** About this exercise **
Having found the line containing "by rewrite eqr_nat; apply/eqP; nia." in the data below, reproduce that line and each one after it to the end, exactly, and include nothing else.

(Stored data entries)
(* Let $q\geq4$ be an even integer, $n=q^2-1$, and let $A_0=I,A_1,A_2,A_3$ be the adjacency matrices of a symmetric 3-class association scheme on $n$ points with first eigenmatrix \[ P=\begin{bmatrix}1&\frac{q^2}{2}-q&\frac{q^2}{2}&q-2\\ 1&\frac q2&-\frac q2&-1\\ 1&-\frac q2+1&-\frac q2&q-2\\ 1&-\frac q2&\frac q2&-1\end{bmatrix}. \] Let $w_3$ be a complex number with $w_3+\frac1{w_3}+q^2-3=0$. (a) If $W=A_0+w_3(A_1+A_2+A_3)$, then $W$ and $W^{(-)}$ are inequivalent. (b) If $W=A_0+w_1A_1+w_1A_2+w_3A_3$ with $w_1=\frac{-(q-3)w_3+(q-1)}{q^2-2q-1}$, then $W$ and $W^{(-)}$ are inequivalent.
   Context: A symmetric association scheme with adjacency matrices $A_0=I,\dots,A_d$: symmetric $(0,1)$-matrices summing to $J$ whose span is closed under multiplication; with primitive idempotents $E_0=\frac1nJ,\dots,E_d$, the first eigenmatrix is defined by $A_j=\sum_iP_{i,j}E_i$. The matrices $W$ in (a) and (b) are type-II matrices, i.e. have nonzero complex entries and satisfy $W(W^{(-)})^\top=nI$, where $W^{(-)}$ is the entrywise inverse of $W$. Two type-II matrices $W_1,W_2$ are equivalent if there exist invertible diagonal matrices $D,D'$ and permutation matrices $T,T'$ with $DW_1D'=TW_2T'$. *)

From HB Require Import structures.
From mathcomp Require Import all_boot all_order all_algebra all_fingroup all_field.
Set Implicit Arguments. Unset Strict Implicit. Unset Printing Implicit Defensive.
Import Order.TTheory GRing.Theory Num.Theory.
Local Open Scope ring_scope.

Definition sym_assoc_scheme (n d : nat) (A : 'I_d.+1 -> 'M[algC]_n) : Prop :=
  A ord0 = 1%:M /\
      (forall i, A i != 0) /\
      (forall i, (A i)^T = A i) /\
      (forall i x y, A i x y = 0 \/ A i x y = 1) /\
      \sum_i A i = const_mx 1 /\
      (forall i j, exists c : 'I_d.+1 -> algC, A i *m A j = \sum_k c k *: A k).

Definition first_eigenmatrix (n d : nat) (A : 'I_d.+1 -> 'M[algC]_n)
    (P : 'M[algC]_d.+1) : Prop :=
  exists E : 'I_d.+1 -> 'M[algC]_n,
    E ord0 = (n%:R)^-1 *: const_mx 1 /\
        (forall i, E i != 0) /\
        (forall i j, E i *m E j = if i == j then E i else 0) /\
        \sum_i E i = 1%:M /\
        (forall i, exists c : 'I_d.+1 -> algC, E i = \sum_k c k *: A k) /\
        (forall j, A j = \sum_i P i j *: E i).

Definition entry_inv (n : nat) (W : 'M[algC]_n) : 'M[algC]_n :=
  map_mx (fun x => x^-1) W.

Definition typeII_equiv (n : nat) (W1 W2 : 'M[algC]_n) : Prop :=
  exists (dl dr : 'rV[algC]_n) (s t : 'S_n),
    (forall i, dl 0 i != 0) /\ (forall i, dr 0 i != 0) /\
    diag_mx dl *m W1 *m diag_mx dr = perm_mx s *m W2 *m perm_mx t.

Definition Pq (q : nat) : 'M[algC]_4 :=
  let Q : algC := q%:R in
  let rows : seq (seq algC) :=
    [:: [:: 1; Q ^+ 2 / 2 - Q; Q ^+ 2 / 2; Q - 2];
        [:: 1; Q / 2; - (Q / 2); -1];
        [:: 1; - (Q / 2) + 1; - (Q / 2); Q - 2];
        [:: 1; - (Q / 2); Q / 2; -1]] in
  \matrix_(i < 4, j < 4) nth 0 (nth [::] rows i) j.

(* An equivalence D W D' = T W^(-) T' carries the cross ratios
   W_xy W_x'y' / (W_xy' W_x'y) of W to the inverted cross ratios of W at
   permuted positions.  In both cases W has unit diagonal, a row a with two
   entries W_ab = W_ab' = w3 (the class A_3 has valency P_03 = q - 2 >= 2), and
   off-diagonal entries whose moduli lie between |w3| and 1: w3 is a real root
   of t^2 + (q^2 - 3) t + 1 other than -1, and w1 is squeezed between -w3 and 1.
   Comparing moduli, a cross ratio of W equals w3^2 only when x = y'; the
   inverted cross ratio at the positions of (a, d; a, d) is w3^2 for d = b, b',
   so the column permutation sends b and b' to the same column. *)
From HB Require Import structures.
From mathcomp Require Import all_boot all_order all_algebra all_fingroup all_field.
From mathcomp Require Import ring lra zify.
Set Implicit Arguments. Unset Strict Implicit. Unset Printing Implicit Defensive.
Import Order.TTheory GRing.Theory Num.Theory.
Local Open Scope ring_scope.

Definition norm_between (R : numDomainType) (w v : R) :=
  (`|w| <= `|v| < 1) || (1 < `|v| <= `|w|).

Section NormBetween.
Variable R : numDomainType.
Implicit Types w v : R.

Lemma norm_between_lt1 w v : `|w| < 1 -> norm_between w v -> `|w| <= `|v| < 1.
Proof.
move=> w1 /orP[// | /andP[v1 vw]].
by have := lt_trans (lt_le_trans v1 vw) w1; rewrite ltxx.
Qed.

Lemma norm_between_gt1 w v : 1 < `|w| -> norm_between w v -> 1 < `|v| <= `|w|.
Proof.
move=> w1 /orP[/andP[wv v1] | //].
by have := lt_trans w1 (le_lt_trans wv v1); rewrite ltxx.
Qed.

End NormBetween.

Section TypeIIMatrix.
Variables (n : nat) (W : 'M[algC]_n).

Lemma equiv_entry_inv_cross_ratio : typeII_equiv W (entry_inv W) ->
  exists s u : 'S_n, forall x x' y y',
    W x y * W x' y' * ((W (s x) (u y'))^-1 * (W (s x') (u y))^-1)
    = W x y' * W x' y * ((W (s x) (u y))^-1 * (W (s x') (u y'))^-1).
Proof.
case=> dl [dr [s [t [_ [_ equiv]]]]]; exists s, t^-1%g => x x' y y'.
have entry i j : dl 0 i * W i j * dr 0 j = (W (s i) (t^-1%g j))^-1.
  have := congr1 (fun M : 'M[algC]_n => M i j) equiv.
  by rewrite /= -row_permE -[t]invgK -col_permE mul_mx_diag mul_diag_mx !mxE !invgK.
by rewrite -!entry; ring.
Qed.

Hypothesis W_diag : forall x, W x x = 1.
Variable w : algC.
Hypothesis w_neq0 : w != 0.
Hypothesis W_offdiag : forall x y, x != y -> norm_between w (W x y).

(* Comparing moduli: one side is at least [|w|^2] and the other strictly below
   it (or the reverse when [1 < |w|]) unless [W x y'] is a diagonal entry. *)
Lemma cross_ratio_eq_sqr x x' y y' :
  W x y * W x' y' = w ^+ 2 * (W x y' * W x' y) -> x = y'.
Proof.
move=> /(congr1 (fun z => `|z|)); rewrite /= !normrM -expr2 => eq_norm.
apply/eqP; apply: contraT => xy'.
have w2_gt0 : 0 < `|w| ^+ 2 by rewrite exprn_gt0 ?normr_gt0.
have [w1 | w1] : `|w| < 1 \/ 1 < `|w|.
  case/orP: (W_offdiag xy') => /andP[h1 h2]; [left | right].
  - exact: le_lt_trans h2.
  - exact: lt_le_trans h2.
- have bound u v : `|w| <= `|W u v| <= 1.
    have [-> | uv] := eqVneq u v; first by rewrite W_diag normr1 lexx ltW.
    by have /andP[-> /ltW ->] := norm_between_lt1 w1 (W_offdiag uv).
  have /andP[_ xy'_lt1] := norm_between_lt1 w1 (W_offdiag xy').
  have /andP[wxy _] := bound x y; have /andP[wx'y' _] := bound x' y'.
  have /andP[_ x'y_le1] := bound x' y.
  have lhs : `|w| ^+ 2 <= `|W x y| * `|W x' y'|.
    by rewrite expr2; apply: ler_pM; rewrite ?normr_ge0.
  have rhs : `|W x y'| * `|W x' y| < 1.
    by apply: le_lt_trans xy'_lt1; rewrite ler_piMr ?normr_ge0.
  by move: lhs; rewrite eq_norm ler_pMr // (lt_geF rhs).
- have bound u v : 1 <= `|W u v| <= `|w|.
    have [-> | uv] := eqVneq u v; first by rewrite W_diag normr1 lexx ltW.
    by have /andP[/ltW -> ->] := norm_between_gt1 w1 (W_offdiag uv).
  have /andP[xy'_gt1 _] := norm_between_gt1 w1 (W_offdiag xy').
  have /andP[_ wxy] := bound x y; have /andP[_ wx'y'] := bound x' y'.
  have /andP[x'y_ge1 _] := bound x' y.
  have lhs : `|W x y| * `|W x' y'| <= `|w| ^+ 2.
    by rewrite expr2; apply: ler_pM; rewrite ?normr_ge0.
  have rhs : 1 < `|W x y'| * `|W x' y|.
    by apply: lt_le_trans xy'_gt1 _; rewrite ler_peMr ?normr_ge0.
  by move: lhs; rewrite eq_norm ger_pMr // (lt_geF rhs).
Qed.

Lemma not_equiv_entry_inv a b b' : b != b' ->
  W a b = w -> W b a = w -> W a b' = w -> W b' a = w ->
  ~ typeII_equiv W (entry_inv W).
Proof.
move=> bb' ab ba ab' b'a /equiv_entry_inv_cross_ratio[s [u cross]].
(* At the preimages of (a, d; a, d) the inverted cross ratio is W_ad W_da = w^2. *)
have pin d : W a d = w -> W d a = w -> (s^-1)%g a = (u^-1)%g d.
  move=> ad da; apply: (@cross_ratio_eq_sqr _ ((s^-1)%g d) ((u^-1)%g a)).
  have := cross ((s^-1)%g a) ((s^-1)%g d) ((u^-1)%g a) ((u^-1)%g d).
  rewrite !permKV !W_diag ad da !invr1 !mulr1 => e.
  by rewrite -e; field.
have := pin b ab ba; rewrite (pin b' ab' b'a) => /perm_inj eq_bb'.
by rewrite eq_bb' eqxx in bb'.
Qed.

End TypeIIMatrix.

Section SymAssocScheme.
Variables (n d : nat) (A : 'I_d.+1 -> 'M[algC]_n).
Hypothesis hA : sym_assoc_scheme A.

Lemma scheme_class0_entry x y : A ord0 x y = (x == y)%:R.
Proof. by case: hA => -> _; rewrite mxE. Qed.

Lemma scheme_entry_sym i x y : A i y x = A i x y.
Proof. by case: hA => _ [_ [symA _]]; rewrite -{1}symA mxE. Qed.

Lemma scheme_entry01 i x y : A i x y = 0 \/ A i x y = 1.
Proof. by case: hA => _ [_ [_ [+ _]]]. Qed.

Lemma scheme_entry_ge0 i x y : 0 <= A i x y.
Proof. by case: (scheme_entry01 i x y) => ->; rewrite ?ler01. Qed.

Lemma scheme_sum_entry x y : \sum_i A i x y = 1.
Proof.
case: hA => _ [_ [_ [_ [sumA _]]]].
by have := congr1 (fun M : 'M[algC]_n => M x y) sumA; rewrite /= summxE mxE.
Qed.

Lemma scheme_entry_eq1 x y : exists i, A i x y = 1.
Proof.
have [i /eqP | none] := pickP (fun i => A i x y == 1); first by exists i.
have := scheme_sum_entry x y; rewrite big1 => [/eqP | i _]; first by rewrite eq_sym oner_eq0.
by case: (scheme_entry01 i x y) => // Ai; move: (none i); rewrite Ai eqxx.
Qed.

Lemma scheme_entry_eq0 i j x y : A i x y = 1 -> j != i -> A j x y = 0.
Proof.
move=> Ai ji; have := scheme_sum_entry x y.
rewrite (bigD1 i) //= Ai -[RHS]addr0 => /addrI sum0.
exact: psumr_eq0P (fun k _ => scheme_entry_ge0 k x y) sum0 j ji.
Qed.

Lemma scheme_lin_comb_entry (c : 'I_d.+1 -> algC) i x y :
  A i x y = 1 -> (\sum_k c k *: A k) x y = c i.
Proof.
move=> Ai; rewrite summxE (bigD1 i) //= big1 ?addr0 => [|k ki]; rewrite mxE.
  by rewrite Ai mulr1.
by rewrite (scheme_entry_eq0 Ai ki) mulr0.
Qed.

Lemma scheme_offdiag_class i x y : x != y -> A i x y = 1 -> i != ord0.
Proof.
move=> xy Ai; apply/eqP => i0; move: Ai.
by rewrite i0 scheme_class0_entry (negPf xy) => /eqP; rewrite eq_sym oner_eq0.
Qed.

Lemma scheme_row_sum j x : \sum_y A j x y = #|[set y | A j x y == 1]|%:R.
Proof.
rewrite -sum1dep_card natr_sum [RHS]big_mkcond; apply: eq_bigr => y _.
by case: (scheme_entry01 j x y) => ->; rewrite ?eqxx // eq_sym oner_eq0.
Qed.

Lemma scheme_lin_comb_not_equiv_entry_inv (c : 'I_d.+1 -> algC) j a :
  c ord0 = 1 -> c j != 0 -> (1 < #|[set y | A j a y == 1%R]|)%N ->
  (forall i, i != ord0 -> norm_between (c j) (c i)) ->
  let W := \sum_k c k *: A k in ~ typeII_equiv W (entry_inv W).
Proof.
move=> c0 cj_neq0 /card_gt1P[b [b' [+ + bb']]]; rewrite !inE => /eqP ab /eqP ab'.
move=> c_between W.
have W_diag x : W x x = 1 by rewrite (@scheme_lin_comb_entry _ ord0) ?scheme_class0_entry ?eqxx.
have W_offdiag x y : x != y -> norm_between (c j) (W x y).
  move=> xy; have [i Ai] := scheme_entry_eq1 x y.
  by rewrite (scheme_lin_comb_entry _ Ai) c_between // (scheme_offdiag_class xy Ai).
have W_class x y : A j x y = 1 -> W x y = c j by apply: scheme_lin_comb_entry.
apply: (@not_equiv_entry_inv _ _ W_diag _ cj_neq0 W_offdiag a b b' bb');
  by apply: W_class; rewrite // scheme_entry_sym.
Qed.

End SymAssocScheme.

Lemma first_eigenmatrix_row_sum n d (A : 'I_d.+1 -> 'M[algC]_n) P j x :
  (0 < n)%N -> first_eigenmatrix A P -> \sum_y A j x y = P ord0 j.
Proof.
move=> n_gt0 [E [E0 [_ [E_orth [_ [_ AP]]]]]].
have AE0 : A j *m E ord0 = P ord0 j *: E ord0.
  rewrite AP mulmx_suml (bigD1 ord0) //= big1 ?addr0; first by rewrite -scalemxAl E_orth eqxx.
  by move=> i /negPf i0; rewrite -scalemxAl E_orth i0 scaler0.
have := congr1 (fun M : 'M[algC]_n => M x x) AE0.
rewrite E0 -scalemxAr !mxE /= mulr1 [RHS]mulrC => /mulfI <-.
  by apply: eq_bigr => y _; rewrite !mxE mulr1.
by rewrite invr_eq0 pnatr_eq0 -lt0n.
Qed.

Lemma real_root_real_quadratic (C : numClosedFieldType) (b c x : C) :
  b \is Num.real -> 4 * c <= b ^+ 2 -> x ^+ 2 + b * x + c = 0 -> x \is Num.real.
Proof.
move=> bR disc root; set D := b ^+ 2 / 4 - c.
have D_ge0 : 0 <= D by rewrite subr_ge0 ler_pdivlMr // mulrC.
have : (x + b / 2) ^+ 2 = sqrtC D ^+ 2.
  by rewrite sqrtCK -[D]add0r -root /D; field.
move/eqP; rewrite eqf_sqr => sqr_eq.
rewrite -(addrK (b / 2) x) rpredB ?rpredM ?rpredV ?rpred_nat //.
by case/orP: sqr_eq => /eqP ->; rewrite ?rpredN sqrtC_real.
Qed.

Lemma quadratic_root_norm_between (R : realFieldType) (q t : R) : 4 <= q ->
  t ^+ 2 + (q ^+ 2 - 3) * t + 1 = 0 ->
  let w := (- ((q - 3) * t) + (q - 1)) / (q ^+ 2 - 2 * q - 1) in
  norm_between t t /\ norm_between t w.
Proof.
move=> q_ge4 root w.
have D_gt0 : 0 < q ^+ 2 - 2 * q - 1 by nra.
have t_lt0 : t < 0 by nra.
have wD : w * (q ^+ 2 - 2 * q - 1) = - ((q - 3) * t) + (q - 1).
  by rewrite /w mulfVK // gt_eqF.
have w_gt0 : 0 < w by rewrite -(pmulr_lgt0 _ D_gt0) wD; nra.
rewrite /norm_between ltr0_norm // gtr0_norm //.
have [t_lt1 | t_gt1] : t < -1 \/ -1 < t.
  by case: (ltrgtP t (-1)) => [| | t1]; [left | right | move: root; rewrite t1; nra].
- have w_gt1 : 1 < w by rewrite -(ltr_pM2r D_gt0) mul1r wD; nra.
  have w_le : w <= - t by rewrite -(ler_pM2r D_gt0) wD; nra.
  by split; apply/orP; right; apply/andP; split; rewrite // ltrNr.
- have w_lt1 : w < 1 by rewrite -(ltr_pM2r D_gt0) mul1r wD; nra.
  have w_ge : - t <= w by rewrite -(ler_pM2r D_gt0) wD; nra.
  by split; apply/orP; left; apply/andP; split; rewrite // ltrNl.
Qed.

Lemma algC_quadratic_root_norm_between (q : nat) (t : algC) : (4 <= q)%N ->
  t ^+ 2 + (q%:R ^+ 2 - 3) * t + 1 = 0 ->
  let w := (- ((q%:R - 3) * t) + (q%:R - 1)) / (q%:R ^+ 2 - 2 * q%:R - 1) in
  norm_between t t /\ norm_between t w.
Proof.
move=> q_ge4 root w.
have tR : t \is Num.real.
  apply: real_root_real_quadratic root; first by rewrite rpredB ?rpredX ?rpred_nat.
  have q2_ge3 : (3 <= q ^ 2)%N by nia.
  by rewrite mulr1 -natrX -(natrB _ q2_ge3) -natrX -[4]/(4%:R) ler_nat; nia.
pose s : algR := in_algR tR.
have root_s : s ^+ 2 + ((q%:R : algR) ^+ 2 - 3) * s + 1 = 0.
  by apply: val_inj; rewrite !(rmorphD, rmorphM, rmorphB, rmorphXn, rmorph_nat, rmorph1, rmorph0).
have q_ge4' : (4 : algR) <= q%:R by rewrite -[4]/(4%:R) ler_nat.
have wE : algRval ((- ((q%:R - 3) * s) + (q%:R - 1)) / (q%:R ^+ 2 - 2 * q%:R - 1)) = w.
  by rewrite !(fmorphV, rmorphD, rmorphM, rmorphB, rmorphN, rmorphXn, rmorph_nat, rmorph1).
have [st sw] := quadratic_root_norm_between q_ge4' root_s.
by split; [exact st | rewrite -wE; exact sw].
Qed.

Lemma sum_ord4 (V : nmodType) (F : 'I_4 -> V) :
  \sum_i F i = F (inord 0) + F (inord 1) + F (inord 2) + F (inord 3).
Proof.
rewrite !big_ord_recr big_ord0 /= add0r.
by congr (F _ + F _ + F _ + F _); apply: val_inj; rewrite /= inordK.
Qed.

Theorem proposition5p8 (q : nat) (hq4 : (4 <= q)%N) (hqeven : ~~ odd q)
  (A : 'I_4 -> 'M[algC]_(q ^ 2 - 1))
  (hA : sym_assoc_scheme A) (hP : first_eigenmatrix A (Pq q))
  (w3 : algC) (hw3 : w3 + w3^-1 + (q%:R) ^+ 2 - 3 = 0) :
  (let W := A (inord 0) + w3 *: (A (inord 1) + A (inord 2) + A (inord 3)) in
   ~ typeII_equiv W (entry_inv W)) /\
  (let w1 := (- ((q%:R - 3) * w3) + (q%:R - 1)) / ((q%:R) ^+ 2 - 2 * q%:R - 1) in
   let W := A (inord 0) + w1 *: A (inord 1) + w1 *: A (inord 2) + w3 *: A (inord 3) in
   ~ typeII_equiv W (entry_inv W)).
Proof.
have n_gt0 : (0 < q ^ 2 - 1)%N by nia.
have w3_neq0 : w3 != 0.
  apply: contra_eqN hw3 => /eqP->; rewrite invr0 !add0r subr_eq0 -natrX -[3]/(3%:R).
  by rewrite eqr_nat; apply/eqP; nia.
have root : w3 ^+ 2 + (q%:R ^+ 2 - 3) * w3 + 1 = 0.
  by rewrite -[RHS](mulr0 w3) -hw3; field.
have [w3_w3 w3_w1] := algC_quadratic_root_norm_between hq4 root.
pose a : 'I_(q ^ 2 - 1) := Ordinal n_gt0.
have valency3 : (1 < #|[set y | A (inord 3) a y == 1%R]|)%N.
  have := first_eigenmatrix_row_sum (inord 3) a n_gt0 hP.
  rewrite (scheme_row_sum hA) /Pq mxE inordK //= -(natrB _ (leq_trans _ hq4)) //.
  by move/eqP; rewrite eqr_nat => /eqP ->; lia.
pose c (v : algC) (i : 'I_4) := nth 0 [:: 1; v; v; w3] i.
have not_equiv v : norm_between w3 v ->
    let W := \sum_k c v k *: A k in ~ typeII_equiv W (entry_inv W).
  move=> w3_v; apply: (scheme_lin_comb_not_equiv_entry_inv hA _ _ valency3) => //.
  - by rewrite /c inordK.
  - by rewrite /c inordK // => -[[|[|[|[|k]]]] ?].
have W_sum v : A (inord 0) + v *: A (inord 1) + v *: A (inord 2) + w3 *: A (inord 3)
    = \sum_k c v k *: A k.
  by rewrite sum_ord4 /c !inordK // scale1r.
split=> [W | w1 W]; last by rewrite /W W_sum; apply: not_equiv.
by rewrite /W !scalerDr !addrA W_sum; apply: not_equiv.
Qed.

** Reply to the exercise **
  by rewrite eqr_nat; apply/eqP; nia.
have root : w3 ^+ 2 + (q%:R ^+ 2 - 3) * w3 + 1 = 0.
  by rewrite -[RHS](mulr0 w3) -hw3; field.
have [w3_w3 w3_w1] := algC_quadratic_root_norm_between hq4 root.
pose a : 'I_(q ^ 2 - 1) := Ordinal n_gt0.
have valency3 : (1 < #|[set y | A (inord 3) a y == 1%R]|)%N.
  have := first_eigenmatrix_row_sum (inord 3) a n_gt0 hP.
  rewrite (scheme_row_sum hA) /Pq mxE inordK //= -(natrB _ (leq_trans _ hq4)) //.
  by move/eqP; rewrite eqr_nat => /eqP ->; lia.
pose c (v : algC) (i : 'I_4) := nth 0 [:: 1; v; v; w3] i.
have not_equiv v : norm_between w3 v ->
    let W := \sum_k c v k *: A k in ~ typeII_equiv W (entry_inv W).
  move=> w3_v; apply: (scheme_lin_comb_not_equiv_entry_inv hA _ _ valency3) => //.
  - by rewrite /c inordK.
  - by rewrite /c inordK // => -[[|[|[|[|k]]]] ?].
have W_sum v : A (inord 0) + v *: A (inord 1) + v *: A (inord 2) + w3 *: A (inord 3)
    = \sum_k c v k *: A k.
  by rewrite sum_ord4 /c !inordK // scale1r.
split=> [W | w1 W]; last by rewrite /W W_sum; apply: not_equiv.
by rewrite /W !scalerDr !addrA W_sum; apply: not_equiv.
Qed.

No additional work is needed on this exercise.